Abstract: Morphological variation among Turkish populations of the Atlantic horse mackerel Trachurus trachurus (Carangidae) was examined for 150 specimens at five different sampling localities (Sea of Marmara (Istanbul and Canakkale), Aegean (Izmir) and Northeastern mediterranean (Antalya and Iskenderun) seas) in Turkey by discriminant function analysis of eleven morphometric and five meristic characters. The results of discriminant function analysis showed that there is limited gene flow among T. trachurus populations in Turkish coastal waters. The Marmara Sea sample was similar to the Aegean Sea samples for both morphometric and meristic data. Morphometric and meristic data showed the heterogeneity between Aegean and Mediterranean mackerel samples. The Mediterranean samples separated from all others and indicate 2 local populations (Iskenderun and Antalya) for morphometric data, unlike meristic data that revealed no significant differentiation between 2 Mediterranean localities. Discriminant function analyses indicated that morphometric differentiation between the samples was largely due to differences in the head characters of fish. It is confirmed that metric characters are much less effective for discriminating between T. trachurus populations than morphometric characters, which is expressed higher distances between samples. The results indicate a small degree of spatial separation in morphology in T. trachurus among the studied localities.

INTRODUCTION

The species of the genus Trachurus are widely distributed along the coasts and throughout oceanic waters of temperate, tropical and subtropical seas (Eschmeyer, 2003). The species of the genus Trachurus are pelagic fishes of economic importance. Although, numerous studies have focused on morphological and ecological variability among species of Trachurus, the taxonomy and phylogenetic relationships among species remain controversial (Shaboneyev, 1981; Kijima et al., 1988; Ben Salem, 1995). The genus Trachurus, which was first described its taxonomies by Nichols (1920), is represented by 3 species in Turkish waters. The horse mackerel T. trachurus, which is one of the these species, has a global distribution extending from the eastern Atlantic including the Mediterranean Sea, Black Sea and the Sea of Marmara, to western Atlantic and also, to western Pacific and the Indian Oceans (Fish base online).

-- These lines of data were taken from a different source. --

Lemma rainbow_color_transversal F : rainbow (color_transversal F).
Proof.
apply/rainbowP=> x y /setIdP[_ /eqP pick_x] /setIdP[_ /eqP pick_y] xy.
by move: pick_x; rewrite xy pick_y => -[].
Qed.

Lemma color_transversal_cover F x :
  x \in F -> exists2 y, y \in color_transversal F & y.2 = x.2.
Proof.
move=> xF; case pick_x: [pick y in F | y.2 == x.2] => [y|]; move: (pick_x).
  case: pickP => // z /andP[zF /eqP zx] [zy]; rewrite -zy in pick_x.
  by exists z; rewrite // /color_transversal inE zF zx pick_x eqxx.
by case: pickP => // /(_ x); rewrite xF eqxx.
Qed.

Section Transversal.
Variables (F H : cgraph V C).
Hypotheses (HF : H \subset F) (H_cover : {in F, forall x, exists2 y, y \in H & y.2 = x.2}).

Lemma color_rep_in_part X z : X \subset F -> color_closed F X -> z \in X ->
  exists2 y, y \in H & y \in X /\ y.2 = z.2.
Proof.
move=> XF closedX zX; have [y yH yz] := H_cover (subsetP XF z zX).
by exists y => //; split=> //; apply: closedX; rewrite ?(subsetP HF) // yz imset_f.
Qed.

Lemma rainbow_part_sub X : X \subset F -> color_closed F X -> rainbow X -> X \subset H.
Proof.
move=> XF closedX /rainbowP injX; apply/subsetP=> z zX.
by have [y yH [yX /injX <-]] := color_rep_in_part XF closedX zX.
Qed.

Lemma almost_rainbow_part_sub X x :
  X \subset F -> color_closed F X -> almost_rainbow X -> x \in X -> x \notin H ->
  X :\ x \subset H.
Proof.
move=> XF closedX almostX xX xH.
have not_x y : y \in H -> y != x by apply: contraTneq => ->.
have [y yH [yX yx]] := color_rep_in_part XF closedX xX.
have xy : x != y by rewrite eq_sym not_x.
have injX := almost_rainbow_injD1 almostX xX yX xy (esym yx).
apply/subsetP=> z /[dup] zXx /setD1P[_ zX].
have [h hH [hX hz]] := color_rep_in_part XF closedX zX.
by rewrite -(injX h z) // !inE not_x.
Qed.
Lemma tr_range_of_orth_ker k j (M : 'M[R]_(k, j)) (b : 'cV[R]_j) :
  (forall x, M *m x = 0 -> dotv b x = 0) -> exists w : 'cV[R]_k, b = M^T *m w.
Proof.
move=> b_orth.
have /submxP [D bD] : (b^T <= M)%MS.
  rewrite submxE; apply/eqP/matrixP => i i'; rewrite [i]ord1 [RHS]mxE.
  have := b_orth (cokermx M *m delta_mx i' 0).
  by rewrite mulmxA mulmx_coker mul0mx dotvE mulmxA -colE mxE => ->.
by exists D^T; rewrite -trmx_mul -bD trmxK.
Qed.

Variables (m n l : nat) (F : 'M[R]_(m, n)) (H : 'M[R]_(l, n)) (ell : 'cV[R]_n).

Lemma scrF_orth_ker (x : 'cV[R]_n) :
  scrF F H ell -> F *m x = 0 -> H *m x = 0 -> dotv ell x = 0.
Proof.
move=> [z _ [u _ <-]] Fx Hx.
by rewrite dotvDl !dotv_mulmxl !trmxK Fx Hx !dotv0r addr0.
Qed.

Lemma notin_scrF_ker :
  ~ scrF F H ell -> exists x, [/\ F *m x = 0, H *m x = 0 & dotv ell x != 0].
Proof.
move=> ell_notin; apply: contrapT => no_x; apply: ell_notin.
have [w ->] : exists w, ell = (col_mx F H)^T *m w.
  apply: tr_range_of_orth_ker => x; rewrite mul_col_mx -(@col_mx0 R m l 1).
  move=> /eq_col_mx [Fx Hx]; apply: contrapT => ell_x; apply: no_x.
  by exists x; split => //; apply/eqP.
rewrite -(vsubmxK w) tr_col_mx mul_row_col.
by exists (usubmx w) => //; exists (dsubmx w).
Qed.

End Range.

Section SaddlePoint.
Variables (R : realType) (m n p l : nat).
Variables (F : 'M[R]_(m, n)) (B : 'M[R]_(m, p)) (H : 'M[R]_(l, n)).
Variables (Q1 : 'M[R]_p) (Q2 : 'M[R]_l) (ell : 'cV[R]_n).
Hypotheses (Q1_spd : spd Q1) (Q2_spd : spd Q2).

Let G := B *m invmx Q1 *m B^T.

(* The system solved by (p, z) reads S *m col_mx p z = col_mx ell 0. *)
Let S := block_mx (H^T *m Q2 *m H) F^T F (- G).

Lemma saddle_tr : S^T = S.
Proof.
have GT : G^T = G by rewrite /G !trmx_mul trmxK spd_invmx_tr // mulmxA.
by rewrite /S tr_block_mx trmxK linearN /= GT !trmx_mul trmxK Q2_spd.1 mulmxA.
Qed.

Lemma saddle_ker (x : 'cV[R]_n) (z : 'cV[R]_m) :
  S *m col_mx x z = 0 -> F *m x = 0 /\ H *m x = 0.
Proof.
rewrite /S mul_block_col -(@col_mx0 R n m 1) => /eq_col_mx [e1 e2].
have Fx : F *m x = G *m z by apply/eqP; rewrite -subr_eq0 -mulNmx e2.
have Gz : dotv z (G *m z) = dotv (invmx Q1 *m (B^T *m z)) (B^T *m z).
  by rewrite /G -!mulmxA dotv_mulmxr dotvC.
have /eqP : dotv x (H^T *m Q2 *m H *m x + F^T *m z) = 0 by rewrite e1 dotv0r.
rewrite dotvDr ![dotv x _]dotvC -!mulmxA [dotv (H^T *m _) _]dotv_mulmxl.
rewrite [dotv (F^T *m _) _]dotv_mulmxl !trmxK Fx Gz.
rewrite paddr_eq0 ?(spd_form_ge0 Q2_spd) ?(spd_invmx_form_ge0 Q1_spd) //.
rewrite spd_invmx_form // => /andP [/eqP/(spd_form_eq0 Q2_spd) Hx].
move=> /eqP/(spd_form_eq0 Q1_spd) Q1Bz.
by split; rewrite // /G -!mulmxA Q1Bz mulmx0.
Qed.

Lemma saddle_point_solvable : scrF F H ell ->
  exists (pv : 'cV[R]_n) (zh : 'cV[R]_m),
    F *m pv = B *m invmx Q1 *m B^T *m zh /\
    F^T *m zh = ell - H^T *m (Q2 *m (H *m pv)).
Proof.
move=> ell_in.
have [w] : exists w : 'cV[R]_(n + m), col_mx ell 0 = S^T *m w.
  apply: tr_range_of_orth_ker => xz; rewrite -(vsubmxK xz) dotv_col_mx dotv0l addr0.
  by move=> /saddle_ker [Fx Hx]; exact: scrF_orth_ker ell_in Fx Hx.
rewrite saddle_tr -(vsubmxK w) /S mul_block_col => /eq_col_mx [e1 e2].
exists (usubmx w), (dsubmx w); split.
  by apply/eqP; rewrite -subr_eq0 -mulNmx e2.
by rewrite e1 -!mulmxA addrAC subrr add0r.
Qed.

Morphometric and meristic studies have provided useful results for identifying marine fish stocks and describing their spatial distributions (Ihssen et al., 1981) and multivariate analysis of a set of morphometric and meristic characters has been widely used as a powerful technique for the determination of morphological relationships between the populations of a species (Corti and Crosetti, 1996; Vidalis et al., 1997; Mamuris et al., 1998; Cadrin, 2000; Murta, 2000; Pakkasmaa and Piironen, 2001; Palma and Andrade, 2002).

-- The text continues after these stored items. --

Lemma hdist_blocks (Q : finType) s N (x y : {ffun 'I_(s * N) -> Q}) :
  hdist x y = (\sum_(t < s) hdist (proj_block t x) (proj_block t y))%N.
Proof.
have block_idx_bij : bijective (fun p : 'I_s * 'I_N => block_idx p.1 p.2).
  by apply: inj_card_bij (@block_idx_inj s N) _; rewrite card_prod !card_ord.
rewrite /hdist -sum1dep_card (reindex _ (onW_bij _ block_idx_bij)) /=.
under [RHS]eq_bigr do rewrite -sum1dep_card.
by rewrite pair_big_dep; apply: eq_bigl => -[t k]; rewrite /= !ffunE.
Qed.

Definition dist_profile (Q : finType) s N (x y : {ffun 'I_(s * N) -> Q}) :
    {ffun 'I_s -> 'I_N.+1} :=
  [ffun t => inord (hdist (proj_block t x) (proj_block t y))].

Lemma dist_profileE (Q : finType) s N (x y : {ffun 'I_(s * N) -> Q}) t :
  dist_profile x y t = hdist (proj_block t x) (proj_block t y) :> nat.
Proof. by rewrite ffunE inordK // ltnS hdist_le. Qed.

Lemma dist_profile_xx (Q : finType) s N (x : {ffun 'I_(s * N) -> Q}) :
  dist_profile x x = zero_idx s N.
Proof. by apply/ffunP => t; apply: val_inj; rewrite /= dist_profileE hdist_xx ffunE. Qed.

Lemma dist_profile_in_Tset (Q : finType) s N rho d (C : {set {ffun 'I_(s * N) -> Q}})
    (x y : {ffun 'I_(s * N) -> Q}) :
  min_dist_ge C d -> (forall t, min_dist_ge (proj_code t C) rho) ->
  x \in C -> y \in C -> x != y -> dist_profile x y \in Tset s N rho d.
Proof.
move=> dC dproj xC yC xy; rewrite inE; apply/andP; split.
  by under eq_bigr do rewrite dist_profileE; rewrite -hdist_blocks dC.
apply/forallP => t; rewrite dist_profileE.
have [-> | neq] := eqVneq (proj_block t x) (proj_block t y); first by rewrite hdist_xx.
by apply/orP; right; apply: (dproj t _ _ _ _ neq); apply/imsetP; [exists x | exists y].
Qed.

Section SumOfSquaresKernels.
Variable R : rcfType.

Definition sos_kernel (X : Type) (k : X -> X -> R) : Prop :=
  exists gs : seq (X -> R), forall x y, k x y = \sum_(g <- gs) g x * g y.

Lemma sos_kernel_ext X (k k' : X -> X -> R) :
  k =2 k' -> sos_kernel k -> sos_kernel k'.
Proof. by move=> e [gs h]; exists gs => x y; rewrite -e h. Qed.

Lemma sos_kernel0 X : sos_kernel (fun _ _ : X => 0).
Proof. by exists [::] => x y; rewrite big_nil. Qed.

Lemma sos_kernel1 X : sos_kernel (fun _ _ : X => 1).
Proof. by exists [:: fun _ => 1] => x y; rewrite big_seq1 mulr1. Qed.

Lemma sos_kernelD X (k1 k2 : X -> X -> R) :
  sos_kernel k1 -> sos_kernel k2 -> sos_kernel (fun x y => k1 x y + k2 x y).
Proof. by move=> [g1 h1] [g2 h2]; exists (g1 ++ g2) => x y; rewrite big_cat h1 h2. Qed.

Lemma sos_kernelM X (k1 k2 : X -> X -> R) :
  sos_kernel k1 -> sos_kernel k2 -> sos_kernel (fun x y => k1 x y * k2 x y).
Proof.
move=> [g1 h1] [g2 h2].
exists [seq (fun x => g x * g' x) | g <- g1, g' <- g2] => x y.
rewrite big_allpairs_dep h1 h2 mulr_suml; apply: eq_bigr => g _.
by rewrite mulr_sumr; apply: eq_bigr => g' _; ring.
Qed.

Some morphometric and meristic characters of Atlantic horse mackerel in the Northeast Atlantic were previously analysed for stock identification and morphometric characteristics were showed considerably greater discriminatory power to distinguish individuals from different areas than did the meristic characters (Murta, 2000). Turan (2004) studied morphologic differentiation among stocks of Mediterranean horse mackerel, Trachurus mediterraneus, throughout the Black, Marmara, Aegean and Northeastern Mediterranean Seas from coasts of the Turkish waters, but have not yet been studied for T. trachurus species. Recently, intraspecific and interspecific genetic and phylogenetic relationships in the genus Trachurus, including also T. trachurus in Turkish coastal waters were investigated using mtDNA cyt b gene and control region sequences by Bektas and Belduz (2008).

The aims of this study are to assess and describe intraspecies variation in morphological and meristic characters of T. trachurus from different Turkey coastal locations; identify the best set of characters for group separation, with the use of the multivariate analysis technique.

MATERIALS AND METHODS

Sampling: A total of 150 specimens were collected from five different locations in the Aegean Sea, Sea of Marmara and Northeastern Mediterranean Sea (Fig. 1). All specimens were directly fixed in 10% formalin and were preserved in 70% ethanol after fixation and deposited in the Zoology Laboratory, Faculty of Fisheries, Rize University.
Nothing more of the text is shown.